Me detengo, embelesado por el simbólico espectáculo, pero al bajar la mirada, observo a mi derecha el letrero de una tintorería en la rue de Fleurus. ¡Ah!, la visión es de una realidad innegable. Pintadas en el escaparate de la tienda están las letras de mi nombre: A. S., flotando sobre una nube de un blanco plateado y rematadas por un arco iris.

Omen accipio, que me trae a la memoria el Génesis:

Pongo mi arco en las nubes, para señal de mi pacto con la tierra.

No ando ya sobre el suelo, y con paso alado penetro en el jardín que está desierto. A esta hora matinal este parque es como algo mío, la rosaleda es como de mi propiedad, reconozco todas mis flores en los arriates, los crisantemos, las verbenas, las begonias.

Tras entrar en el recinto, llego hasta su límite, salgo por la puerta enrejada de la rue Soufflot y tuerzo por el lado del boulevard Saint-Michel. Luego, me detengo ante el puesto de la librería Blanchard, cojo sin ninguna premeditación un viejo volumen de química de Orfila, lo abro al azar y leo: «El azufre ha sido clasificado entre los cuerpos simples. Los ingeniosos experimentos de H. Davy y de Berthollet hijo tienden a probar que contiene hidrógeno, oxígeno y una base particular que hasta el momento ha resultado imposible aislar.»

Imaginad mi éxtasis, que me gustaría calificar de religioso, ante esta revelación que tiene algo de milagroso. Davy y Berthollet habían demostrado la existencia del oxígeno y del hidrógeno, y yo, del carbono. A mí me correspondía, pues, establecer la fórmula del azufre.

Dos días después, estaba ya inscrito en la Facultad de Ciencias de la Sorbona (¡de San Luis!) y con autorización para trabajar en el laboratorio de investigación.

La mañana que me dirigí a la Sorbona fue para mí como una fiesta solemne. Aunque no me hacía ninguna ilusión sobre la posibilidad de convencer a los profesores, que me habían acogido con la fría cortesía reservada a todo extranjero, al intruso, una dulce y calma alegría infundió en mí el coraje del mártir que se enfrenta a una multitud de enemigos. Pues, para mí, a mi edad, la juventud era el enemigo natural.

Al llegar a la plaza donde está situada la iglesuela de la Sorbona, encuentro la puerta abierta, y entro, sin saber muy bien por qué. La Virgen maternal y el Niño me saludan con una dulce sonrisa: el Crucificado me deja frío, me resulta incomprensible como siempre. San Luis, mi nuevo conocido, el amigo de los miserables y de los apestados, se hace presente en la persona de unos jóvenes teólogos. ¿Era san Luis, mi patrón, mi ángel de la guarda, el que me empujaba al hospital para que conociera el fuego de la angustia, antes de conquistar la gloria que conduce al deshonor y al desprecio…? ¿Era él el que me había enviado a la librería Blanchard, el que me arrastraba hasta aquí?

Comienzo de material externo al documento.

(* "exists x" contributes two symbols: the quantifier and the variable. *)
Fixpoint esize (f : eform) : nat :=
  match f with
  | EQF p => psize p
  | EEx _ f => (esize f).+2
  end.

Fixpoint tfv_lt (n : nat) (t : gterm) : bool :=
  match t with
  | TVar i => i < n
  | TOne => true
  | TMul a b => tfv_lt n a && tfv_lt n b
  | TInv a => tfv_lt n a
  end.

Fixpoint pfv_lt (n : nat) (p : pform) : bool :=
  match p with
  | PEq a b => tfv_lt n a && tfv_lt n b
  | PAnd a b => pfv_lt n a && pfv_lt n b
  | POr a b => pfv_lt n a && pfv_lt n b
  end.

Fixpoint tfv (t : gterm) : seq nat :=
  match t with
  | TVar i => [:: i]
  | TOne => [::]
  | TMul a b => tfv a ++ tfv b
  | TInv a => tfv a
  end.

Fixpoint pfv (p : pform) : seq nat :=
  match p with
  | PEq a b => tfv a ++ tfv b
  | PAnd a b => pfv a ++ pfv b
  | POr a b => pfv a ++ pfv b
  end.

Fixpoint efv (f : eform) : seq nat :=
  match f with
  | EQF p => pfv p
  | EEx x f => filter (fun i => i != x) (efv f)
  end.

(* Semantics in a group G (a subgroup of a finGroupType, quantifiers range over G). *)
Section Sem.
Variable gT : finGroupType.

Fixpoint teval (e : nat -> gT) (t : gterm) : gT :=
  match t with
  | TVar i => e i
  | TOne => 1
  | TMul a b => teval e a * teval e b
  | TInv a => (teval e a)^-1
  end.

Fixpoint psat (e : nat -> gT) (p : pform) : Prop :=
  match p with
  | PEq a b => teval e a = teval e b
  | PAnd a b => psat e a /\ psat e b
  | POr a b => psat e a \/ psat e b
  end.

Definition upd (e : nat -> gT) (x : nat) (y : gT) : nat -> gT :=
  fun i => if i == x then y else e i.

Fixpoint esat (G : {set gT}) (e : nat -> gT) (f : eform) : Prop :=
  match f with
  | EQF p => psat e p
  | EEx x f => exists2 y, y \in G & esat G (upd e x y) f
  end.
End Sem.

(* log m = min { r : 2^r >= m } *)
Definition clog (m : nat) : nat := up_log 2 m.

(* Let X = {x_1, ..., x_k} and H = <X>.  For z_0, ..., z_(n-1) let K be the cube
   {z_0^e_0 ... z_(n-1)^e_(n-1) | e in {0,1}^n}.  Extend the sequence greedily: while
   H is not contained in K^-1 K, there are u in K^-1 K and x in X with z := u x outside
   K^-1 K, and then K and K z are disjoint, so the cube doubles.  Since |H| <= v < 2^t
   for t = log v + 1, after t steps H is contained in K^-1 K.  Conversely, every z_i
   lying in K_i^-1 K_i (X u {1}) (K_i the cube of z_0, ..., z_(i-1)) belongs to H.
   So g is in H iff there is such a chain z_0, ..., z_(t-1) with g in K_t^-1 K_t.
   The formula guesses the z_i, the y_i in X u {1} and, for each of the 2(t+1) cube
   words involved, which factors are present; this takes O(t^2 + t k) symbols. *)

From mathcomp Require Import all_boot all_fingroup zify.
Set Implicit Arguments. Unset Strict Implicit. Unset Printing Implicit Defensive.

Definition eexs (xs : seq nat) (f : eform) : eform := foldr EEx f xs.
Definition pands (ps : seq pform) : pform := foldr PAnd (PEq TOne TOne) ps.
Definition pors (p : pform) (ps : seq pform) : pform := foldr POr p ps.
Definition tprod (ts : seq gterm) : gterm := foldr TMul TOne ts.

Section Combinators.
Variable T : eqType.
Implicit Types (s : seq T) (m n : nat).

Lemma tsize_tprod_le (F : T -> gterm) s m :
  {in s, forall x, tsize (F x) <= m} -> tsize (tprod (map F s)) <= size s * m.+1 + 1.
Proof.
elim: s => //= x s IH hF; have := IH (sub_in1 (fun y => @mem_behead _ (x :: s) y) hF).
by have := hF x (mem_head _ _); rewrite mulSn; lia.
Qed.

Lemma psize_pands_le (F : T -> pform) s m :
  {in s, forall x, psize (F x) <= m} -> psize (pands (map F s)) <= size s * m.+1 + 3.
Proof.
elim: s => //= x s IH hF; have := IH (sub_in1 (fun y => @mem_behead _ (x :: s) y) hF).
by have := hF x (mem_head _ _); rewrite mulSn; lia.
Qed.

Lemma psize_pors_le p (F : T -> pform) s m :
  {in s, forall x, psize (F x) <= m} -> psize (pors p (map F s)) <= psize p + size s * m.+1.
Proof.
elim: s => /= [|x s IH hF]; first by rewrite addn0.
have := IH (sub_in1 (fun y => @mem_behead _ (x :: s) y) hF).
by have := hF x (mem_head _ _); rewrite mulSn; lia.
Qed.

Lemma tfv_lt_tprod n (F : T -> gterm) s :
  tfv_lt n (tprod (map F s)) = all (fun x => tfv_lt n (F x)) s.
Proof. by elim: s => //= x s ->. Qed.

Lemma pfv_lt_pands n (F : T -> pform) s :
  pfv_lt n (pands (map F s)) = all (fun x => pfv_lt n (F x)) s.
Proof. by elim: s => //= x s ->. Qed.

Lemma pfv_lt_pors n p (F : T -> pform) s :
  pfv_lt n (pors p (map F s)) = all (fun x => pfv_lt n (F x)) s && pfv_lt n p.
Proof. by elim: s => //= x s ->; rewrite andbA. Qed.

End Combinators.

Lemma esize_eexs xs p : esize (eexs xs (EQF p)) = (size xs).*2 + psize p.
Proof. by elim: xs => //= x xs ->; rewrite doubleS. Qed.

Lemma pfv_ltE n p : pfv_lt n p = all (fun i => i < n) (pfv p).
Proof.
have tfv_ltE t : tfv_lt n t = all (fun i => i < n) (tfv t).
  by elim: t => [i||a ha b hb|a ha] //=; rewrite ?andbT ?all_cat ?ha ?hb.
by elim: p => [a b|a ha b hb|a ha b hb] /=; rewrite all_cat ?tfv_ltE ?ha ?hb.
Qed.

Lemma efv_eexs xs f : efv (eexs xs f) = [seq i <- efv f | i \notin xs].
Proof.
elim: xs => [|x xs IH] /=; first by rewrite (@eq_filter _ _ predT) ?filter_predT.
by rewrite IH -filter_predI; apply: eq_filter => i; rewrite /= in_cons negb_or.
Qed.

Section FormulaSemantics.
Variable gT : finGroupType.
Implicit Types (e : nat -> gT) (G : {group gT}).
Local Open Scope group_scope.

Lemma eq_teval e1 e2 t : e1 =1 e2 -> teval e1 t = teval e2 t.
Proof. by move=> h; elim: t => //= [a -> b ->| a ->]. Qed.

Lemma eq_psat e1 e2 p : e1 =1 e2 -> psat e1 p <-> psat e2 p.
Proof.
move=> h; elim: p => /= [a b|a ha b hb|a ha b hb]; first by rewrite !(eq_teval _ h).
all: by rewrite ha hb.
Qed.

Lemma esat_eexs G e xs p :
  esat G e (eexs xs (EQF p)) <->
  exists2 f : nat -> gT, (forall i, f i \in G) & psat (fun i => if i \in xs then f i else e i) p.
Proof.
elim: xs e => [|x xs IH] e /=.
  by split=> [he | [f _ hf]] //; exists (fun=> 1) => // i; exact: group1.
split=> [[y yG /IH [f fG hf]] | [f fG hf]].
  exists (fun i => if i \in xs then f i else y) => [i|]; first by case: ifP.
  apply: (eq_psat _ _).1 hf => i; rewrite in_cons /upd.
  by case: (i \in xs); case: (i == x).
exists (f x) => //; apply/IH; exists f => //; apply: (eq_psat _ _).1 hf => i.
by rewrite in_cons /upd; case: (i \in xs); case: eqP => [->|]; rewrite ?orbT.
Qed.

Variables (T : eqType) (e : nat -> gT).

Lemma psat_pands (F : T -> pform) s :
  psat e (pands (map F s)) <-> {in s, forall x, psat e (F x)}.
Proof.
elim: s => [|x s IH] /=; first by [].
rewrite IH; split=> [[hx hs] y | hF].
  by rewrite in_cons => /predU1P [-> | /hs].
by split=> [|y hy]; apply: hF; rewrite ?mem_head // in_cons hy orbT.
Qed.

Lemma psat_pors p (F : T -> pform) s :
  psat e (pors p (map F s)) <-> psat e p \/ exists2 x, x \in s & psat e (F x).
Proof.
elim: s => [|x s IH] /=; first by split=> [|[|[]]]; [left|..].
rewrite IH; split=> [[hx|[hp|[y hy hF]]] | [hp|[y]]].
- by right; exists x; rewrite ?mem_head.
- by left.
- by right; exists y; rewrite // in_cons hy orbT.
- by right; left.
- by rewrite in_cons => /predU1P [-> | hy] hF; [left | right; right; exists y].
Qed.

Heme aquí caído del ateísmo en la más completa superstición.

Examinando los exvotos que dan testimonio del feliz resultado de los exámenes, hago la promesa de no aceptar jamás ninguna distinción mundana del mérito, en caso de que consiga triunfar.

Ha sonado la hora, paso bajo la férula de una juventud despiadada que me abuchea, prevenida de la quimérica tarea que me he propuesto.

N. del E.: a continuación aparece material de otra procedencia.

(* Let $\mathcal A=(Q,T,\delta,X)$ be an OCAPT with initial state $q_0$ and target set $F\subseteq Q$. If there is a valuation $V$ such that all infinite $V$-runs of $\mathcal A$ from $(q_0,0)$ reach $F$, then there is a valuation $V'$ with $V'(x)=\exp(|\mathcal A|^{\mathcal O(1)})$ (i.e. bounded by $2^{p(|\mathcal A|)}$ for a fixed polynomial $p$) for all $x\in X$, such that all infinite $V'$-runs of $\mathcal A$ from $(q_0,0)$ reach $F$.
   Context: An OCAPT is $\mathcal A=(Q,T,\delta,X)$ with finite state set $Q$, finite parameter set $X$, transitions $T\subseteq Q\times Q$, and $\delta:T\to Op$ where $Op$ consists of updates $+a$ with $a\in\{-1,0,1\}$, the zero test $=0$, and parametric tests $=x$, $\ge x$ ($x\in X$); no parametric updates. A valuation is $V:X\to\mathbb{N}$. A $V$-run is a sequence of configurations $(q_i,c_i)\in Q\times\mathbb{N}$ with $(q_i,q_{i+1})\in T$ such that tests hold ($c_i=0$, $c_i=V(x)$, $c_i\ge V(x)$, with $c_{i+1}=c_i$) and updates are applied ($c_{i+1}=c_i+a$). A run reaches $F$ if some state in it belongs to $F$. *)

From mathcomp Require Import all_boot.
Set Implicit Arguments. Unset Strict Implicit. Unset Printing Implicit Defensive.

Inductive Op (X : Type) : Type :=
| OInc
| ODec
| ONop
| OZero
| OEq of X
| OGe of X.

(* An OCAPT A = (Q, T, delta, X): finite state type Q, finite parameter type X;
   [ocapt_delta A q q' = Some op] iff (q,q') \in T and delta (q,q') = op. *)
Record OCAPT (Q X : finType) := mkOCAPT { ocapt_delta : Q -> Q -> option (Op X) }.

Definition ocapt_size (Q X : finType) (A : OCAPT Q X) : nat :=
  #|Q| + #|[pred p : Q * Q | isSome (ocapt_delta A p.1 p.2)]| + #|X|.

Definition valuation (X : finType) := X -> nat.

Definition op_step (X : finType) (V : valuation X) (op : Op X) (c c' : nat) : Prop :=
  match op with
  | OInc => c' = c.+1
  | ODec => c = c'.+1
  | ONop => c' = c
  | OZero => c = 0 /\ c' = c
  | OEq x => c = V x /\ c' = c
  | OGe x => V x <= c /\ c' = c
  end.

Definition step (Q X : finType) (A : OCAPT Q X) (V : valuation X)
  (s s' : Q * nat) : Prop :=
  exists op, ocapt_delta A s.1 s'.1 = Some op /\ op_step V op s.2 s'.2.

Definition inf_run_from (Q X : finType) (A : OCAPT Q X) (V : valuation X)
  (q0 : Q) (r : nat -> Q * nat) : Prop :=
  r 0 = (q0, 0) /\ forall i, step A V (r i) (r i.+1).

Definition reaches (Q : finType) (F : {set Q}) (r : nat -> Q * nat) : Prop :=
  exists i, (r i).1 \in F.

Definition all_inf_runs_reach (Q X : finType) (A : OCAPT Q X) (V : valuation X)
  (q0 : Q) (F : {set Q}) : Prop :=
  forall r, inf_run_from A V q0 r -> reaches F r.

From mathcomp Require Import all_boot zify.
Set Implicit Arguments. Unset Strict Implicit.

(* Every F-avoiding run prefix of length N = |Q|(|X|+1)(|Q|+2) can be pumped into an
   infinite F-avoiding run.  If the counter stays below (|X|+1)(|Q|+2), some
   configuration repeats.  Otherwise the counter crosses one of the |X|+1 blocks of
   |Q|+2 consecutive values, chosen to contain no parameter value; two of the last
   visits before the crossing to |Q|+1 levels of that block share a state, and the
   segment between them only sees counter values that no test distinguishes, so it
   can be replayed at ever higher counter values.  After t steps the counter is at
   most t, so truncating V at N+1 changes no test during the first N steps: an
   infinite run for the truncated valuation that avoided F for N steps would yield
   an F-avoiding infinite V-run. *)

Lemma discrete_ivt (f : nat -> nat) t1 t2 v :
  (forall t, t1 <= t < t2 -> f t.+1 <= (f t).+1) ->
  t1 <= t2 -> f t1 <= v <= f t2 -> exists2 t, t1 <= t <= t2 & f t = v.
Proof.
elim: t2 => [|t2 IH] slow le12 /andP[lo hi].
  by exists 0; move: le12 lo hi; rewrite leqn0 => /eqP->; lia.
case: (eqVneq (f t2.+1) v) => [fv|fv]; first by exists t2.+1; lia.
have le12' : t1 <= t2.
  by move: le12; rewrite leq_eqVlt => /orP[/eqP e|//]; move: lo fv; rewrite e; lia.
have [t ht ft] : exists2 t, t1 <= t <= t2 & f t = v.
  apply: IH => //; first by move=> t ht; apply: slow; lia.
  by have := slow t2; lia.
by exists t; first lia.
Qed.

Lemma last_visit (f : nat -> nat) s k :
  (forall t, t < s -> f t.+1 <= (f t).+1) -> f 0 <= k <= f s ->
  exists u, [/\ u <= s, f u = k & forall t, u < t <= s -> k < f t].
Proof.
move=> slow bnd.
have slow' t1 : forall t, t1 <= t < s -> f t.+1 <= (f t).+1.
  by move=> t /andP[_]; apply: slow.
have visited : exists t, (t <= s) && (f t == k).
  have [t ht ft] := discrete_ivt (slow' 0) (leq0n s) bnd.
  by exists t; rewrite ft eqxx andbT; lia.
have le_s t : (t <= s) && (f t == k) -> t <= s by case/andP.
case: (ex_maxnP visited le_s) => u /andP[us /eqP fu] umax.
exists u; split=> // t /andP[ut ts]; rewrite ltnNge; apply/negP => ftk.
have [t' ht' ft'] : exists2 t', t <= t' <= s & f t' = k.
  by apply: discrete_ivt (slow' t) ts _; lia.
by have := umax t'; rewrite ft' eqxx andbT; lia.
Qed.

Lemma first_reach (f : nat -> nat) s b :
  b <= f s -> exists s0, [/\ s0 <= s, b <= f s0 & forall t, t < s0 -> f t < b].
Proof.
move=> reach; have reached : exists t, b <= f t by exists s.
case: (ex_minnP reached) => s0 bs0 s0min; exists s0; split=> //; first exact: s0min.
by move=> t; apply: contraTT; rewrite -!leqNgt => /s0min.
Qed.

Lemma exists_small_notin (s : seq nat) : exists2 j, j <= size s & j \notin s.
Proof.
case: (boolP (all (mem s) (iota 0 (size s).+1))) => [/allP cover|/allPn[j]].
  by have := uniq_leq_size (iota_uniq 0 (size s).+1) cover; rewrite size_iota ltnn.
by rewrite mem_iota add0n ltnS => ??; exists j.
Qed.

Lemma pigeonhole_ord n (T : finType) (f : 'I_n -> T) :
  #|T| < n -> exists i j : 'I_n, i < j /\ f i = f j.
Proof.
move=> small; have /injectivePn[i [j neq_ij fij]] : ~~ injectiveb f.
  by apply/injectiveP => /leq_card; rewrite card_ord leqNgt small.
case: (ltngtP i j) => [lt_ij|lt_ji|/val_inj eq_ij]; first by exists i, j.
  by exists j, i.
by rewrite eq_ij eqxx in neq_ij.
Qed.

Section Steps.
Variables (Q X : finType) (A : OCAPT Q X) (W : valuation X).
Local Notation step := (step A W).

Definition shift (e : nat) (s : Q * nat) : Q * nat := (s.1, s.2 + e).

Lemma shift0 s : shift 0 s = s.
Proof. by case: s => q c; rewrite /shift addn0. Qed.

Lemma shiftD e1 e2 s : shift (e1 + e2) s = shift e2 (shift e1 s).
Proof. by rewrite /shift addnA. Qed.

Definition neutral (c : nat) := (c != 0) && (c \notin codom W).

Lemma op_step_shift op c c' e :
  op_step W op c c' -> c' != c \/ neutral c -> op_step W op (c + e) (c' + e).
Proof.
case: op => [||||x|x] /=; try by move=> ->.
- by move=> [-> ->] [/eqP|/andP[]].
- by move=> [-> ->] [/eqP|/andP[_ /negP[]]]; last exact: codom_f.
- by move=> [le_xc ->] _; split=> //; apply: leq_trans le_xc (leq_addr _ _).
Qed.

Lemma step_shift s s' e :
  step s s' -> s'.2 != s.2 \/ neutral s.2 -> step (shift e s) (shift e s').
Proof. by move=> [op [trans opst]] moving; exists op; split; last exact: op_step_shift. Qed.

Lemma step_counter_le s s' : step s s' -> s'.2 <= s.2.+1.
Proof. by case=> -[||||x|x] [_] /=; lia. Qed.

Definition run_upto (r : nat -> Q * nat) (n : nat) :=
  forall t, t < n -> step (r t) (r t.+1).

Lemma run_upto_le r m n : m <= n -> run_upto r n -> run_upto r m.
Proof. by move=> le_mn run t lt_tm; apply: run; apply: leq_trans le_mn. Qed.

Lemma run_counter_le r n : (r 0).2 = 0 -> run_upto r n -> forall t, t <= n -> (r t).2 <= t.
Proof.
move=> r0 run; elim=> [|t IH] le_tn; first by rewrite r0.
by have := step_counter_le (run t le_tn); have := IH (ltnW le_tn); lia.
Qed.

Definition pumpable (r : nat -> Q * nat) (u u' d : nat) :=
  [/\ u < u', r u' = shift d (r u) &
      forall n t, u <= t < u' -> step (shift (n * d) (r t)) (shift (n * d) (r t.+1))].

Section Lasso.
Variables (r : nat -> Q * nat) (u u' d : nat).
Hypotheses (prefix : run_upto r u) (loop : pumpable r u u' d).

Local Notation p := (u' - u).

Definition lasso (t : nat) : Q * nat :=
  if t < u then r t else shift ((t - u) %/ p * d) (r (u + (t - u) %% p)).

Lemma lasso0 : lasso 0 = r 0.
Proof.
rewrite /lasso; case: ifP => [//|/negbT]; rewrite -leqNgt leqn0 => /eqP->.
by rewrite sub0n div0n mod0n mul0n shift0.
Qed.

Lemma lasso_step t : step (lasso t) (lasso t.+1).
Proof.
have [lt_uu' last_u' seg] := loop; have p_gt0 : 0 < p by rewrite subn_gt0.
rewrite /lasso; case: (ltnP t.+1 u) => [lt_tu|le_ut].
  by rewrite (ltnW lt_tu); apply: prefix; apply: ltnW.
case: ltnP => [lt_tu|le_ut'].
  have eu : u = t.+1 by lia.
  by rewrite eu subnn div0n mod0n mul0n addn0 shift0; apply: prefix; rewrite -eu.
rewrite subSn // modnS divnS //; set k := t - u.
have in_loop : u <= u + k %% p < u' by rewrite leq_addr /= -ltn_subRL ltn_pmod.
case: ifP => dvd_p /=; last by rewrite addnS; apply: seg.
have wrap : (u + k %% p).+1 = u'.
  suff: (k %% p).+1 = p by lia.
  apply/eqP; rewrite eqn_leq ltn_pmod //=; apply: dvdn_leq => //.
  by move: dvd_p; rewrite {1}(divn_eq k p) -addnS dvdn_addr // dvdn_mull.
by rewrite addn0 mulnDl mul1n shiftD -last_u' -[in r u']wrap; apply: seg.
Qed.

Lemma lasso_state t : exists2 t', t' < u' & (lasso t).1 = (r t').1.
Proof.
have [lt_uu' _ _] := loop; rewrite /lasso; case: ltnP => [lt_tu|_].
  by exists t => //; apply: ltn_trans lt_uu'.
by exists (u + (t - u) %% p) => //; rewrite -ltn_subRL ltn_pmod // subn_gt0.
Qed.

End Lasso.

Lemma not_all_reach_of_pumpable q0 (F : {set Q}) r u u' d :
  r 0 = (q0, 0) -> run_upto r u -> pumpable r u u' d ->
  (forall t, t < u' -> (r t).1 \notin F) -> ~ all_inf_runs_reach A W q0 F.
Proof.
move=> r0 prefix loop avoid all_reach.
have [|t] := all_reach (lasso r u u' d).
  by split; [rewrite lasso0 | exact: lasso_step prefix loop].
by have [t' /avoid + ->] := lasso_state loop t; apply/negP.
Qed.

Lemma neutral_of_free_block H c :
  0 < c -> c %/ H \notin codom (fun x => W x %/ H) -> neutral c.
Proof.
move=> c_gt0 free; rewrite /neutral -lt0n c_gt0 /=.
by apply: contra free => /codomP[x ->]; apply/codomP; exists x.
Qed.

Lemma bounded_prefix_pumpable r m :
  run_upto r (#|Q| * m) -> (forall t, t <= #|Q| * m -> (r t).2 < m) ->
  exists u u', u' <= #|Q| * m /\ pumpable r u u' 0.
Proof.
move=> run low.
pose cfg (t : 'I_((#|Q| * m).+1)) : Q * 'I_m := ((r t).1, Ordinal (low t (ltn_ord t))).
have [i [j [lt_ij]]] : exists i j : 'I_((#|Q| * m).+1), i < j /\ cfg i = cfg j.
  by apply: pigeonhole_ord; rewrite card_prod card_ord.
move/(congr1 (fun c => (c.1, val c.2))) => [same_state same_counter].
exists i, j; split; first by rewrite -ltnS.
split=> // [|n t /andP[_ lt_tj]].
  by rewrite shift0 [r j]surjective_pairing -same_state -same_counter -surjective_pairing.
by rewrite muln0 !shift0; apply: run; apply: leq_trans lt_tj _; rewrite -ltnS.
Qed.

Lemma climbing_prefix_pumpable r s :
  (r 0).2 = 0 -> run_upto r s -> #|X|.+1 * #|Q|.+2 <= (r s).2 ->
  exists u u' d, u' <= s /\ pumpable r u u' d.
Proof.
move=> r0 run high; set H := #|Q|.+2.
have slow t : t < s -> (r t.+1).2 <= (r t).2.+1 by move/run/step_counter_le.
(* The block [j*H, j*H + H) contains no parameter value. *)
have [j le_jX free] := exists_small_notin (codom (fun x => W x %/ H)).
rewrite size_codom in le_jX; set a := j * H.
have [s0 [le_s0s reach_s0 below_s0]] : exists s0,
    [/\ s0 <= s, a + #|Q|.+1 <= (r s0).2 & forall t, t < s0 -> (r t).2 < a + #|Q|.+1].
  by apply: first_reach; apply: leq_trans high; have := leq_mul le_jX (leqnn H); lia.
have visits (i : 'I_#|Q|.+1) : exists u, [/\ u <= s0, (r u).2 = a + i
    & forall t, u < t <= s0 -> a + i < (r t).2].
  by apply: last_visit => [t lt_ts0|]; [apply: slow; lia | have := ltn_ord i; lia].
have [lv lvP] := fin_all_exists visits.
have [i [i' [lt_ii' same_state]]] :
    exists i i' : 'I_#|Q|.+1, i < i' /\ (r (lv i)).1 = (r (lv i')).1.
  by apply: pigeonhole_ord; exact: ltnSn.
have [le_lv lv_lvl lv_last] := lvP i; have [le_lv' lv'_lvl lv'_last] := lvP i'.
have lt_lv : lv i < lv i'.
  rewrite ltnNge leq_eqVlt; apply/negP => /orP[/eqP eq_lv|lt_lv'].
    by move: lv'_lvl; rewrite eq_lv lv_lvl; lia.
  by have := lv'_last (lv i); rewrite lt_lv' le_lv lv_lvl => /(_ isT); lia.
exists (lv i), (lv i'), (i' - i); split; first lia; split=> // [|n t /andP[le_t lt_t]].
  rewrite [r (lv i')]surjective_pairing /shift -same_state lv'_lvl lv_lvl.
  by congr (_, _); lia.
apply: step_shift; first by apply: run; lia.
case: (eqVneq t (lv i)) => [->|ne_t]; first by left; have := lv_last (lv i).+1; lia.
right; apply: (@neutral_of_free_block H); first by have := lv_last t; lia.
suff -> : (r t).2 %/ H = j by [].
have [lo hi] : a <= (r t).2 /\ (r t).2 < a + H.
  by have := lv_last t; have := below_s0 t; lia.
by rewrite -(subnKC lo) divnMDl // divn_small ?addn0 //; lia.
Qed.

Definition pump_bound := #|Q| * (#|X|.+1 * #|Q|.+2).

Lemma run_prefix_pumpable r :
  (r 0).2 = 0 -> run_upto r pump_bound ->
  exists u u' d, u' <= pump_bound /\ pumpable r u u' d.
Proof.
move=> r0 run.
case: (boolP [exists t : 'I_pump_bound.+1, #|X|.+1 * #|Q|.+2 <= (r t).2]).
  case/existsP=> t high; have le_t : t <= pump_bound := ltn_ord t.
  have [u [u' [d [le_u't loop]]]] := climbing_prefix_pumpable r0 (run_upto_le le_t run) high.
  by exists u, u', d; split=> //; apply: leq_trans le_u't le_t.
rewrite negb_exists => /forallP low.
have [|u [u' loop]] := bounded_prefix_pumpable run; last by exists u, u', 0.
by move=> t le_t; have := low (Ordinal (le_t : t < pump_bound.+1)); rewrite ltnNge.
Qed.

Lemma not_all_reach_of_avoiding_prefix q0 (F : {set Q}) r :
  r 0 = (q0, 0) -> run_upto r pump_bound ->
  (forall t, t <= pump_bound -> (r t).1 \notin F) -> ~ all_inf_runs_reach A W q0 F.
Proof.
move=> r0 run avoid.
have [u [u' [d [le_u' loop]]]] := run_prefix_pumpable (congr1 snd r0) run.
have [lt_uu' _ _] := loop.
apply: not_all_reach_of_pumpable r0 (run_upto_le _ run) loop _ => [|t lt_t]; first lia.
by apply: avoid; lia.
Qed.

End Steps.

Lemma op_step_truncate (X : finType) (V : valuation X) b op c c' :
  c < b -> op_step (fun x => minn (V x) b) op c c' -> op_step V op c c'.
Proof. by case: op => [||||x|x] //= lt_cb [tst ->]; split=> //; lia. Qed.

Lemma run_upto_truncate (Q X : finType) (A : OCAPT Q X) (V : valuation X) b r :
  (r 0).2 = 0 -> run_upto A (fun x => minn (V x) b) r b -> run_upto A V r b.
Proof.
move=> r0 run t lt_tb; have [op [trans opst]] := run t lt_tb; exists op; split=> //.
by apply: op_step_truncate opst; have := run_counter_le r0 run (ltnW lt_tb); lia.
Qed.

Lemma pump_bound_lt_size (Q X : finType) (A : OCAPT Q X) :
  pump_bound Q X < (ocapt_size A).+1 ^ 3.
Proof.
set S := (ocapt_size A).+1.
have [ltQ ltX] : #|Q| < S /\ #|X| < S by rewrite /S /ocapt_size; lia.
rewrite /pump_bound !expnS expn0 muln1.
have sq : #|Q| * #|Q|.+2 < S * S by nia.
have := leq_mul (leq_mul ltX (leqnn #|Q|.+2)) (leqnn #|Q|); nia.
Qed.

Theorem lemma22 :
  exists c : nat,
  forall (Q X : finType) (A : OCAPT Q X) (q0 : Q) (F : {set Q}),
    (exists V : valuation X, all_inf_runs_reach A V q0 F) ->
    exists V' : valuation X,
      (forall x : X, V' x <= 2 ^ ((ocapt_size A).+1 ^ c)) /\
      all_inf_runs_reach A V' q0 F.
Proof.
exists 3 => Q X A q0 F [V all_reach]; set N := pump_bound Q X.
exists (fun x => minn (V x) N.+1); split.
  move=> x; apply: leq_trans (geq_minr _ _) _; apply: leq_trans (pump_bound_lt_size A) _.
  exact/ltnW/ltn_expl.
move=> r [r0 run]; case: (boolP [exists t : 'I_N.+1, (r t).1 \in F]) => [/existsP[t inF]|].
  by exists t.
rewrite negb_exists => /forallP avoid; exfalso.
apply: (not_all_reach_of_avoiding_prefix r0 _ _ all_reach) => [|t le_tN].
  apply: run_upto_le (leqnSn N) (run_upto_truncate (congr1 snd r0) _) => t _; exact: run.
by apply: avoid (Ordinal (le_tN : t < N.+1)).
Qed.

Pasadas unas dos semanas, logro las pruebas irrefutables de que el azufre es una combinación ternaria de carbono, oxígeno e hidrógeno.[4]

Expreso mi agradecimiento al jefe del laboratorio que pone cara de no sentir interés por mis asuntos, y abandono este nuevo purgatorio con una alegría interior indescriptible.

Por las mañanas, cuando no visito el Jardin du Luxembourg, me paseo por el cementerio de Montparnasse. Algunos días después de haber dejado la Sorbona, descubro cerca de la glorieta del cementerio un monumento fúnebre de una clásica belleza. Un medallón en mármol blanco muestra los rasgos nobles de un viejo sabio que la inscripción del pedestal me presenta como Orfila, químico y toxicólogo. Era mi amigo protector que más tarde había de guiarme en repetidas ocasiones por el dédalo de las operaciones químicas.

Una semana después, bajando por la rue d’Assas, hago un alto delante de un edificio de aspecto claustral. Un gran letrero me revela la naturaleza de la finca: Hotel Orfila.

¡Otra vez ese Orfila!

En los siguientes capítulos contaré todo cuanto sucedió en ese viejo caserón, adonde me empujaba la mano invisible a fin de que fuera allí castigado, instruido y… ¿por qué no?, ¡iluminado!